Collected data entries
★ ★ ★ ★ ★ ★ ★
(* Let $(a,b,c)$ be a cyclic triple, assume (AW), that $(A^b,A^c)$ and $(A^c,A^a)$ are Leonard pairs with eigenvalue orderings $\theta^a_M,\theta^b_M,\theta^c_M$ as in the context. Let $\{|\theta^c_M\rangle\}$ be the eigenbasis of $A^c$ attached to the pair $(A^b,A^c)$, i.e. $A^c|\theta^c_M\rangle=\theta^c_M|\theta^c_M\rangle$ and $A^b|\theta^c_M\rangle=A^{(b,c)}_{M+1,M}|\theta^c_{M+1}\rangle+A^{(b,c)}_{M,M}|\theta^c_M\rangle+A^{(b,c)}_{M-1,M}|\theta^c_{M-1}\rangle$. Then for $0\le M\le 2s$, $$A^a|\theta^c_M\rangle=A^{(a,c)}_{M+1,M}\,\mathfrak h(M)\,|\theta^c_{M+1}\rangle+A^{(a,c)}_{M,M}|\theta^c_M\rangle+A^{(a,c)}_{M-1,M}\,\mathfrak h(M-1)^{-1}|\theta^c_{M-1}\rangle,$$ where $\mathfrak h(k)=q^{4k}\dfrac{\mathsf b^c}{\mathsf c^c}\cdot\dfrac{\mathsf c^cq^{-2k}+r_0q\,\mathsf c^b\mathsf b^a}{\mathsf b^cq^{2k}+r_0q^{-1}\mathsf c^b\mathsf b^a}$ (the last term is absent for $M=0$).
   Context: $q\in\mathbb C^*$ is not a root of unity, $s\in\{0,\tfrac12,1,\dots\}$, $\mathcal V$ a complex vector space of dimension $2s+1$ with identity $\mathbb I$; $[X,Y]_q=qXY-q^{-1}YX$. Labels range over $\{\cdot,*,\diamond\}$; $A^{\cdot}=A$, $\mathsf b^\cdot=\mathsf b$, $\mathsf c^\cdot=\mathsf c$. Fix nonzero $r_0,\mathsf b^a,\mathsf c^a$ with $r_0^{-2}=\mathsf b\mathsf c=\mathsf b^*\mathsf c^*=\mathsf b^\diamond\mathsf c^\diamond$; $\theta^a_M=\mathsf b^aq^{2M}+\mathsf c^aq^{-2M}$; for distinct $a,b,c$, $\omega^{\{a,b,c\}}=-(q-q^{-1})^2(\theta^a_s\theta^b_s-r_0^{-1}(q^{2s+1}+q^{-2s-1})\theta^c_s)$. For $A,A^*\in\mathrm{End}(\mathcal V)$ set $A^\diamond=\frac{r_0}{q^2-q^{-2}}[A^*,A]_q+\frac{r_0\omega^{\{\cdot,*,\diamond\}}}{(q-q^{-1})(q^2-q^{-2})}\mathbb I$. Hypothesis (AW): for every ordered pair $(a,b)$ of distinct labels, $c$ the remaining one, $[A^a,[A^a,A^b]_q]_{q^{-1}}=-\frac{(q^2-q^{-2})^2}{r_0^2}A^b+\omega^{\{a,b,c\}}A^a+\frac{q+q^{-1}}{r_0}\omega^{\{a,c,b\}}\mathbb I$. A Leonard pair on $\mathcal V$ is a pair of diagonalizable operators such that each has an eigenbasis in which the other is represented by an irreducible tridiagonal matrix; eigenvalue orderings $\theta^x_0,\dots,\theta^x_{2s}$ are those for which the other operator acts irreducibly tridiagonally on the ordered eigenbasis. A cyclic triple is one of $(\cdot,*,\diamond),( *,\diamond,\cdot),(\diamond,\cdot,* )$. Coefficients: for a cyclic triple $(a,b,c)$, $A^{(b,a)}_{M,M-1}=q^{2-4s}\frac{(1-q^{2M})(\mathsf c^a-\mathsf b^aq^{2M+4s})(\mathsf b^b\mathsf b^cr_0q^{4s-1}+\mathsf b^aq^{2M-2})(\mathsf c^a\mathsf c^cr_0q^{-1}+\mathsf c^bq^{2M-2})}{(\mathsf c^a-\mathsf b^aq^{4M-2})(\mathsf c^a-\mathsf b^aq^{4M})}$, $A^{(b,a)}_{M-1,M}=\frac{(1-q^{2M-4s-2})(\mathsf c^a-\mathsf b^aq^{2M-2})(\mathsf c^a+\mathsf b^b\mathsf b^cr_0q^{2M+4s-1})(\mathsf c^b+\mathsf b^a\mathsf c^cr_0q^{2M-1})}{(\mathsf c^a-\mathsf b^aq^{4M-4})(\mathsf c^a-\mathsf b^aq^{4M-2})}$, $A^{(b,a)}_{M,M}=\theta^b_0-A^{(b,a)}_{M,M+1}-A^{(b,a)}_{M,M-1}$; coefficients with indices outside $\{0,\dots,2s\}$ are $0$. $A^{(a,b)}_{M,N}$ is the image of $A^{(b,a)}_{M,N}$ under $\mathsf b^a\leftrightarrow\mathsf b^b$, $\mathsf c^a\leftrightarrow\mathsf c^b$, $\mathsf b^c\mapsto q^{-4s}\mathsf c^c$, $\mathsf c^c\mapsto q^{4s}\mathsf b^c$. This defines $A^{(x,y)}$ for all six ordered pairs of distinct labels (in particular $A^{(b,c)}$ is obtained from the cyclic triple $(b,c,a)$ and $A^{(a,c)}$ from $(c,a,b)$). The eigenbasis of $A^c$ attached to the Leonard pair $(A^b,A^c)$ exists (it is determined up to an overall nonzero scalar). *)

From HB Require Import structures.
From mathcomp Require Import all_boot all_order all_algebra.
From mathcomp Require Import complex reals.
Set Implicit Arguments. Unset Strict Implicit. Unset Printing Implicit Defensive.
Import Order.TTheory GRing.Theory Num.Theory.
Local Open Scope ring_scope.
★ ★ ★ ★ ★ ★ ★
With the line containing "From mathcomp Require Import complex reals." as the first and the final line of the records as the last, copy that span exactly and nothing more.

From mathcomp Require Import complex reals.
Set Implicit Arguments. Unset Strict Implicit. Unset Printing Implicit Defensive.
Import Order.TTheory GRing.Theory Num.Theory.
Local Open Scope ring_scope.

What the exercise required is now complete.